If White moves the f pawn on the first move, black's unprotected pawn at
j10 is threatened by the Pentere, also threatening a nasty double check,
which would force the king to flee. j10 is an unprotected pawn. 

The problem with unprotected pawns in opening positions is not that they
make a more inferior game than otherwise for the second player. That's a
common misconception. It is simply that variations can be forced, giving
the game an immediate tactical edge sometimes not allowing for the
flexibility many prefer to have in their opening choices. For a large
variant, I don't that's a bad thing. 

Please note: The forced moves will only happen if one of the players
decides it would be of advantage to force them, just as it is optional
whether to create the sort of pawn structure which leads to an open or
closed game.

JKn wrote on 2005-12-19 UTC
:how are the pawns notated by? As in FIDE chess the pawns are notated by the absence of a 'piece' letter.

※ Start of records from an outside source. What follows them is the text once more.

Section ApproachLimit.
Variables (R : realType) (a : nat -> Cx R) (Omega : set (Cx R)) (M : R).
Variables (k l m : nat).
Hypotheses (a_zeros : blaschke_zeros a) (Omega_1 : closure Omega 1).
Hypothesis (lt_kl_2m : (k + l < 2 * m)%N).
Hypothesis Omega_bounded : forall z, Omega z ->
  (\sum_(0 <= n <oo)
     ((1 - cabs (a n) ^+ 2) / cabs (1 - (a n)^* * z) ^+ (2 * m + 2))%:E
   <= M%:E)%E.

Lemma Aseq_cvg1 n : Aseq a k l z n @[z --> (1 : Cx R)] --> Aseq a k l 1 n.
Proof.
apply: Aseq_continuous; rewrite mulr1; apply/eqP => an1.
by have := a_zeros.1 n; rewrite -norm_conjC an1 normr1 ltxx.
Qed.

Lemma Aseq_small_tails e : 0 < e -> exists N, forall j,
  (forall z, Omega z -> \sum_(N <= n < N + j) cabs (Aseq a k l z n) <= e) /\
  \sum_(N <= n < N + j) cabs (Aseq a k l 1 n) <= e.
Proof.
move=> e0; have a_lt1 := a_zeros.1.
pose w n := 1 - cabs (a n) ^+ 2.
pose x z n := (cabs (1 - (a n)^* * z))^-1.
have w_ge0 n : 0 <= w n.
  by rewrite subr_ge0 exprn_ile1 ?cabs_ge0 // ltW // cabs_lt1.
have bounded_q z : Omega z -> forall N,
    \sum_(0 <= n < N) w n * x z n ^+ (2 * m + 2) <= M.
  move=> Oz N; rewrite -lee_fin -sumEFin; apply: le_trans (Omega_bounded Oz).
  under eq_bigr do rewrite /x exprVn.
  apply: nneseries_lim_ge => n _ _.
  by rewrite lee_fin divr_ge0 ?exprn_ge0 ?cabs_ge0 ?w_ge0.
have x_ge0 z n : 0 <= x z n by rewrite invr_ge0 cabs_ge0.
have lt_pq : (k + l + 2 < 2 * m + 2)%N by rewrite ltn_add2r.
have [N tails] := uniform_small_tails w_ge0 x_ge0
  (blaschke_weight_tails a_zeros) lt_pq bounded_q e0.
have tail_z z : Omega z -> forall j,
    \sum_(N <= n < N + j) cabs (Aseq a k l z n) <= e.
  by move=> Oz j; under eq_bigr do rewrite cabs_Aseq //; exact: tails.
exists N => j; split=> [z Oz|]; first exact: tail_z.
apply: (ler_closure (h := fun z => \sum_(N <= n < N + j) cabs (Aseq a k l z n))
  Omega_1) => [|z Oz]; last exact: tail_z.
by apply: cvg_sum_seq => n; apply: cvg_cabs; exact: Aseq_cvg1.
Qed.

Lemma ell1_Aseq_sub_small (e : R) : 0 < e ->
  \forall z \near within Omega (nbhs (1 : Cx R)),
    (ell1 (fun n => (Aseq a k l z n - Aseq a k l 1 n)%R) <= e%:E)%E.
Proof.
move=> e0; have e30 : 0 < e / 3 by rewrite divr_gt0.
have [N tails] := Aseq_small_tails e30.
have head : \forall z \near (1 : Cx R),
    \sum_(0 <= n < N) cabs (Aseq a k l z n - Aseq a k l 1 n) <= e / 3.
  have head_cvg : \sum_(0 <= n < N) cabs (Aseq a k l z n - Aseq a k l 1 n)
      @[z --> (1 : Cx R)] --> 0.
    have sum0 : \sum_(0 <= n < N) cabs (Aseq a k l 1 n - Aseq a k l 1 n) = 0.
      by rewrite big1 // => n _; rewrite subrr cabs0.
    rewrite -[X in _ --> X]sum0; apply: cvg_sum_seq => n; apply: cvg_cabs.
    by apply: cvgB; [exact: Aseq_cvg1 | exact: cvg_cst].
  exact: cvgr_le head_cvg _ e30.
suff : \forall z \near (1 : Cx R), Omega z ->
  (ell1 (fun n => (Aseq a k l z n - Aseq a k l 1 n)%R) <= e%:E)%E by [].
apply: filterS head => z head_z Oz; apply: ell1_le => N'.
have [tail_z tail_1] := tails N'; have /(_ z Oz) {}tail_z := tail_z.
set d := fun n => cabs (Aseq a k l z n - Aseq a k l 1 n).
have d_ge0 n : 0 <= d n by exact: cabs_ge0.
apply: (@le_trans _ _ (\sum_(0 <= n < N + N') d n)).
  rewrite (big_cat_nat (leq0n N') (leq_addl N N')) /= lerDl.
  by apply: sumr_ge0 => n _.
rewrite (big_cat_nat (leq0n N) (leq_addr N' N)) /=.
have tail_d : \sum_(N <= n < N + N') d n <= e / 3 + e / 3.
  apply: le_trans (lerD tail_z tail_1); rewrite -big_split /=.
  by apply: ler_sum => n _; exact: ler_cabsB.
lra.
Qed.

End ApproachLimit.

Theorem mainTheorem11 (R : realType) (a : nat -> Cx R) (Omega : set (Cx R))
  (m : nat) :
  blaschke_zeros a ->
  approach_region Omega ->
  (exists M : R, forall z, Omega z ->
     (\sum_(0 <= n <oo)
        ((1 - cabs (a n) ^+ 2) / cabs (1 - (a n)^* * z) ^+ (2 * m + 2))%:E
      <= M%:E)%E) ->
  forall k l : nat, (k <= m)%N -> (l <= m)%N -> (k + l < 2 * m)%N ->
    (fun z => ell1 (fun n => Aseq a k l z n - Aseq a k l 1 n))
      @ within Omega (nbhs (1 : Cx R)) --> 0%E.
Proof.
move=> a_zeros [_ _ _ Omega_boundary _] [M Omega_bounded] k l _ _ lt_kl_2m.
have Omega_1 : closure Omega 1.
  have : (boundary Omega `&` unit_circle (R:=R)) 1 by rewrite Omega_boundary.
  by case=> -[].
apply: nonneg_cvge0 => [z|e e0].
  by apply: nneseries_ge0 => n _ _; rewrite lee_fin cabs_ge0.
exact: (ell1_Aseq_sub_small a_zeros Omega_1 lt_kl_2m Omega_bounded e0).
Qed.
(* If the communication graph of a system is a tree, then (for any assignment of directions giving adjacent circles opposite directions) there is a single ring.
   Context: A system consists of pairwise disjoint unit circles $C_1,\dots,C_N$ in the plane and a communication range $r>0$; its communication graph $G$ has the circles as vertices, $C_i,C_j$ adjacent iff the distance between their centres is at most $2+r$. For an edge $(i,j)$, the link position $\phi_{ij}$ is the point of $C_i$ closest to $C_j$. A direction assignment gives each circle $C$ a direction $g(C)\in\{1,-1\}$ (counterclockwise/clockwise) with $g(C_i)=-g(C_j)$ for adjacent circles. Rings. Trace a point moving along a circle $C_i$ in direction $g(C_i)$; whenever it reaches a link position $\phi_{ij}$ of its current circle, it passes to $C_j$ at $\phi_{ji}$ and continues along $C_j$ in direction $g(C_j)$ (the motion of a robot that never meets anyone). This motion is periodic and the closed curve traced is a ring; every arc between consecutive link positions of a circle belongs to exactly one ring, so the circles decompose into rings overlapping only at link positions. *)

From mathcomp Require Import all_boot all_order all_algebra.
From mathcomp Require Import classical_sets reals trigo.
Set Implicit Arguments. Unset Strict Implicit. Unset Printing Implicit Defensive.
Import Order.TTheory GRing.Theory Num.Theory.
Local Open Scope ring_scope.

Section Rings.
Variable R : realType.

Definition plane_pt := (R * R)%type.

Definition dist (p q : plane_pt) : R :=
  Num.sqrt ((p.1 - q.1) ^+ 2 + (p.2 - q.2) ^+ 2).

(* A system: N unit circles C_i with centres c i, communication range r. *)
Variables (N : nat) (c : 'I_N -> plane_pt) (r : R).

Definition disjoint_unit_circles : Prop :=
  forall i j : 'I_N, i != j -> 2 < dist (c i) (c j).

Definition adj : rel 'I_N :=
  fun i j => (i != j) && (dist (c i) (c j) <= 2 + r).

Definition is_tree : Prop :=
  (forall i j : 'I_N, connect adj i j) /\
  (forall p : seq 'I_N, uniq p -> (2 < size p)%N -> ~~ cycle adj p).

Definition on_circle (i : 'I_N) (x : plane_pt) : Prop := dist x (c i) = 1.

(* Link position phi_ij: the plane_pt of C_i closest to C_j. *)
Definition link_pos (i j : 'I_N) : plane_pt :=
  let d := dist (c i) (c j) in
  ((c i).1 + ((c j).1 - (c i).1) / d, (c i).2 + ((c j).2 - (c i).2) / d).

Definition is_link (i : 'I_N) (y : plane_pt) : Prop :=
  exists j, adj i j /\ y = link_pos i j.

(* Direction assignment g : each g i is 1 (ccw) or -1 (cw), opposite on edges. *)
Variable g : 'I_N -> R.

Definition direction_assignment : Prop :=
  (forall i, g i = 1 \/ g i = -1) /\ (forall i j, adj i j -> g i = - g j).

Definition move (i : 'I_N) (x : plane_pt) (t : R) : plane_pt :=
  let a := g i * t in
  let u := x.1 - (c i).1 in let v := x.2 - (c i).2 in
  ((c i).1 + cos a * u - sin a * v, (c i).2 + sin a * u + cos a * v).

Definition free_run (i : 'I_N) (x : plane_pt) (t : R) : Prop :=
  forall t', 0 < t' < t -> ~ is_link i (move i x t').

(* Points (circle, position) from which the robot (started at x0 on C_i0)
   departs along its current circle: the start, and every phi_ji reached by
   passing from C_i to C_j at the first link position phi_ij met on C_i. *)
Inductive departs (i0 : 'I_N) (x0 : plane_pt) : 'I_N -> plane_pt -> Prop :=
  | departs_start : departs i0 x0 i0 x0
  | departs_jump (i : 'I_N) (x : plane_pt) (t : R) (j : 'I_N) :
      departs i0 x0 i x -> 0 < t -> free_run i x t -> adj i j ->
      move i x t = link_pos i j -> departs i0 x0 j (link_pos j i).

Definition ring_of (i0 : 'I_N) (x0 : plane_pt) : set plane_pt :=
  [set y | exists (i : 'I_N) (x : plane_pt) (t : R),
      departs i0 x0 i x /\ 0 <= t /\ free_run i x t /\ y = move i x t].

End Rings.

(* Going once round a circle C_n from a point where the robot departs, it
   meets the link positions phi_nb in angular order; at each one it passes to
   C_b, and if it comes back to C_n at phi_nb it goes on to the next one.  In a
   tree the robot always comes back: by induction on the size of the branch
   behind C_b, it comes back to C_b from every other neighbour of C_b, so it
   goes round C_b and returns through phi_bn.  Hence it departs from every link
   position of every circle, every arc lies on its ring, and the ring is the
   union of all the circles, whatever the starting point. *)

From mathcomp Require Import all_boot all_order all_algebra.
From mathcomp Require Import classical_sets reals trigo.
From mathcomp Require Import ring lra.
Import Order.TTheory GRing.Theory Num.Theory.

Set Implicit Arguments. Unset Strict Implicit. Unset Printing Implicit Defensive.

Lemma measure_ind (T : finType) d (O : porderType d) (f : T -> O)
    (P : T -> Prop) :
  (forall x, (forall y, (f y < f x)%O -> P y) -> P x) -> forall x, P x.
Proof.
move=> IH x; have [k lt_k] := ubnP #|[set y | (f y < f x)%O]|.
elim: k x lt_k => // k IHk x lt_k; apply: IH => y lt_yx; apply: IHk.
rewrite -ltnS; apply: leq_trans lt_k; rewrite ltnS; apply/proper_card/fintype.properP.
split.
  by apply/fintype.subsetP => z; rewrite !inE => /lt_trans; apply.
by exists y; rewrite !inE ?lt_yx ?ltxx.
Qed.

Section Tree.
Variables (T : finType) (e : rel T).
Hypotheses (e_sym : symmetric e) (e_irr : irreflexive e).
Hypothesis e_acyclic : forall p : seq T, uniq p -> 2 < size p -> ~~ cycle e p.

Definition avoid (m : T) : rel T := fun a b => [&& e a b, a != m & b != m].

Definition branch (n m : T) : {set T} := [set a | connect (avoid m) n a].

Lemma avoid_sub m : subrel (avoid m) e.
Proof. by move=> a b /andP []. Qed.

Lemma path_avoid m x p : path (avoid m) x p -> m \notin p.
Proof.
elim: p x => [|y p IHp] x //= /andP [/and3P [_ _ ym] /IHp].
by rewrite inE negb_or eq_sym ym.
Qed.

Lemma branch_self n m : n \in branch n m.
Proof. by rewrite inE connect0. Qed.

Lemma notin_branch n m : n != m -> m \notin branch n m.
Proof.
move=> nm; rewrite inE; apply/connectP => -[p /path_avoid m_notin_p m_last].
by have := mem_last n p; rewrite -m_last inE eq_sym (negbTE nm) (negbTE m_notin_p).
Qed.

(* Otherwise n, c0, ..., m would be a cycle. *)
Lemma sibling_notin_branch n m c0 :
  e n m -> e n c0 -> c0 != m -> m \notin branch c0 n.
Proof.
move=> enm enc0 c0m; rewrite inE; apply/connectP => -[p p_avoid m_last].
case/shortenP: p_avoid m_last => {}p p_avoid p_uniq _ m_last.
case: p => [|a p] in p_avoid p_uniq m_last *; first by rewrite m_last eqxx in c0m.
have c0n : c0 != n by apply: contraTneq enc0 => ->; rewrite e_irr.
have uniq_cyc : uniq [:: n, c0, a & p].
  by rewrite cons_uniq p_uniq andbT inE negb_or eq_sym c0n (path_avoid p_avoid).
have cyc : cycle e [:: n, c0, a & p].
  rewrite (cycle_path n) /= -[last a p]m_last e_sym enm enc0 /=.
  exact: sub_path (@avoid_sub n) _ _ p_avoid.
by have := e_acyclic uniq_cyc isT; rewrite cyc.
Qed.

Lemma branch_subset n m c0 :
  e n m -> e n c0 -> c0 != m -> branch c0 n \subset branch n m.
Proof.
move=> enm enc0 c0m; apply/fintype.subsetP => a; rewrite !inE => /connectP [p p_avoid ->].
have nm : n != m by apply: contraTneq enm => ->; rewrite e_irr.
have avoid_nc0 : avoid m n c0 by rewrite /avoid enc0 nm c0m.
apply: connect_trans (connect1 avoid_nc0) _; apply/connectP; exists p => //.
have p_in : all [in branch c0 n] (c0 :: p).
  by apply/allP => y /(path_connect p_avoid) c0y; rewrite inE.
apply: (sub_in_path (P := [in branch c0 n])) p_in p_avoid.
have notin_m x : x \in branch c0 n -> x != m.
  by apply: contraTneq => ->; apply: sibling_notin_branch.
by move=> x y /notin_m xm /notin_m ym /and3P [exy _ _]; rewrite /avoid exy xm ym.
Qed.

(zzo38) A. Black wrote on 2005-12-17 UTC
If the Pentere/Quinqereme is notated by P, then how are the pawns notated
by?

Greg Strong wrote on 2004-07-08 UTC
I think that there are a significant number of people who play Tenjiku Shogi, which is 16x16. In that game, however, each player has 2 Fire Demons which constantly 'burn' all enemy pieces on the eight adjacent squares, and it has quite a range, so the game has some very voilent openings with mass casualty. Maybe that helps to make it more playable.

George Duke wrote on 2004-07-08 UTCExcellent ★★★★★
Is 144-board the largest size that lends itself to coherent strategy? Turkish Great Chess V at 13x13 being played now at Courier seems to have passed that point. (Jupiter has 16x16.) And there is a photograph of Charles Fort from the 1930s playing on what is clearly a 1000-square board for a joke. Here Quintessence as improved Nightrider establishes with R-N-B all the standard compounds, but 12x12 squares must be upper limit for reasonable play.